(Records excerpted from a collection)

+-------+

Lemma ex_maxn_prop (D : nat -> Prop) n :
  (exists k, D k) -> (forall k, D k -> (k <= n)%N) ->
  exists m, D m /\ forall k, D k -> (k <= m)%N.
Proof.
move=> [k Dk] Dn.
have exD : exists i, `[< D i >] by exists k; apply/asboolP.
have Dn' i : `[< D i >] -> (i <= n)%N by move/asboolP; apply: Dn.
have [m /asboolP Dm maxm] := ex_maxnP exD Dn'.
by exists m; split=> // i Di; apply/maxm/asboolP.
Qed.

Lemma bigmax_asbool_eq (D : nat -> Prop) n m : D m -> (m <= n)%N ->
  (forall k, (k <= n)%N -> D k -> (k <= m)%N) ->
  (\max_(i < n.+1 | `[< D i >]) i)%N = m.
Proof.
move=> Dm mn maxm; apply/eqP; rewrite eqn_leq; apply/andP; split.
  by apply/bigmax_leqP => i /asboolP; apply: maxm; rewrite -ltnS.
by apply: (@leq_bigmax_cond _ _ _ (Ordinal (mn : (m < n.+1)%N))); apply/asboolP.
Qed.

Section SubspacePredicates.
Variables (F : fieldType) (E : vectType F).

Lemma exists_max_dimv (Pr : {vspace E} -> Prop) : (exists V, Pr V) ->
  exists V, Pr V /\ forall W, Pr W -> (\dim W <= \dim V)%N.
Proof.
move=> [V0 PV0].
pose D k := exists V, Pr V /\ \dim V = k.
have [|k [V [PV <-]]|m [[V [PV <-]] maxm]] := @ex_maxn_prop D (\dim (fullv : {vspace E})).
- by exists (\dim V0), V0.
- exact/dimvS/subvf.
- by exists V; split=> // W PW; apply: maxm; exists W.
Qed.

Definition subspace_pred (P : E -> Prop) :=
  P 0 /\ forall a u v, P u -> P v -> P (a *: u + v).
Lemma inL_eq x y : x = y -> inL u y -> inL u x.
Proof. by move->. Qed.

Lemma inP0 : inP u 0.
Proof. by exists (fun _ => 0%N); rewrite big1. Qed.

Lemma inPD x y : inP u x -> inP u y -> inP u (x + y).
Proof.
move=> [a ->] [b ->]; exists (fun i => (a i + b i)%N).
by rewrite -big_split; apply: eq_bigr => i _; rewrite mulrnDr.
Qed.

Lemma inP_inL x : inP u x -> inL u x.
Proof. by move=> [a ->]; exists (fun i => (a i)%:Z). Qed.

Lemma inP_sum_ge0 (c : 'I_d -> int) : (forall i, 0 <= c i) -> inP u (\sum_i u i *~ c i).
Proof.
move=> c_ge0; exists (fun i => `|c i|%N); apply: eq_bigr => i _.
by rewrite -mulrz_nat natz gez0_abs.
Qed.

Lemma inL_absorb x : inL u x -> exists2 p, inP u p & inP u (p + x).
Proof.
move=> [c ->]; exists (\sum_i u i *+ `|c i|%N); first by exists (fun i => `|c i|%N).
rewrite -big_split (eq_bigr (fun i => u i *~ (`|c i|%:Z + c i))) => [|i _]; last first.
  by rewrite mulrzDr pmulrn.
by apply: inP_sum_ge0 => i; lia.
Qed.

Lemma congL_refl x : congL u x x.
Proof. by rewrite /congL subrr; apply: inL0. Qed.

Lemma congL_sym x y : congL u x y -> congL u y x.
Proof. by move=> /inLN; rewrite opprB. Qed.

Lemma inL_seq_absorb (s : seq (Zd d)) :
  exists2 p, inP u p & forall x, x \in s -> inL u x -> inP u (p + x).
Proof.
elim: s => [|x s [p Pp IH]]; first by exists 0 => //; apply: inP0.
case: (classic (inL u x)) => [/inL_absorb [q Pq Pqx] | Lx'].
  exists (q + p) => [|y]; first exact: inPD.
  rewrite inE => /orP [/eqP -> _ | ys Ly]; first by rewrite addrAC; apply: inPD.
  by rewrite -addrA; apply: inPD (IH y ys Ly).
by exists p => // y; rewrite inE => /orP [/eqP -> /Lx' [] | /IH].
Qed.

Hypothesis Zf : Zfree u.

+-------+

## [Work to be completed]
Starting at the line that contains "move=> [V0 PV0]." and stopping after the line that contains "Proof. by move=> /inLN; rewrite opprB. Qed.", write out every line exactly as it appears above, and no other line.

## [Result of the exercise]
move=> [V0 PV0].
pose D k := exists V, Pr V /\ \dim V = k.
have [|k [V [PV <-]]|m [[V [PV <-]] maxm]] := @ex_maxn_prop D (\dim (fullv : {vspace E})).
- by exists (\dim V0), V0.
- exact/dimvS/subvf.
- by exists V; split=> // W PW; apply: maxm; exists W.
Qed.

Definition subspace_pred (P : E -> Prop) :=
  P 0 /\ forall a u v, P u -> P v -> P (a *: u + v).
Lemma inL_eq x y : x = y -> inL u y -> inL u x.
Proof. by move->. Qed.

Lemma inP0 : inP u 0.
Proof. by exists (fun _ => 0%N); rewrite big1. Qed.

Lemma inPD x y : inP u x -> inP u y -> inP u (x + y).
Proof.
move=> [a ->] [b ->]; exists (fun i => (a i + b i)%N).
by rewrite -big_split; apply: eq_bigr => i _; rewrite mulrnDr.
Qed.

Lemma inP_inL x : inP u x -> inL u x.
Proof. by move=> [a ->]; exists (fun i => (a i)%:Z). Qed.

Lemma inP_sum_ge0 (c : 'I_d -> int) : (forall i, 0 <= c i) -> inP u (\sum_i u i *~ c i).
Proof.
move=> c_ge0; exists (fun i => `|c i|%N); apply: eq_bigr => i _.
by rewrite -mulrz_nat natz gez0_abs.
Qed.

Lemma inL_absorb x : inL u x -> exists2 p, inP u p & inP u (p + x).
Proof.
move=> [c ->]; exists (\sum_i u i *+ `|c i|%N); first by exists (fun i => `|c i|%N).
rewrite -big_split (eq_bigr (fun i => u i *~ (`|c i|%:Z + c i))) => [|i _]; last first.
  by rewrite mulrzDr pmulrn.
by apply: inP_sum_ge0 => i; lia.
Qed.

Lemma congL_refl x : congL u x x.
Proof. by rewrite /congL subrr; apply: inL0. Qed.

Lemma congL_sym x y : congL u x y -> congL u y x.
Proof. by move=> /inLN; rewrite opprB. Qed.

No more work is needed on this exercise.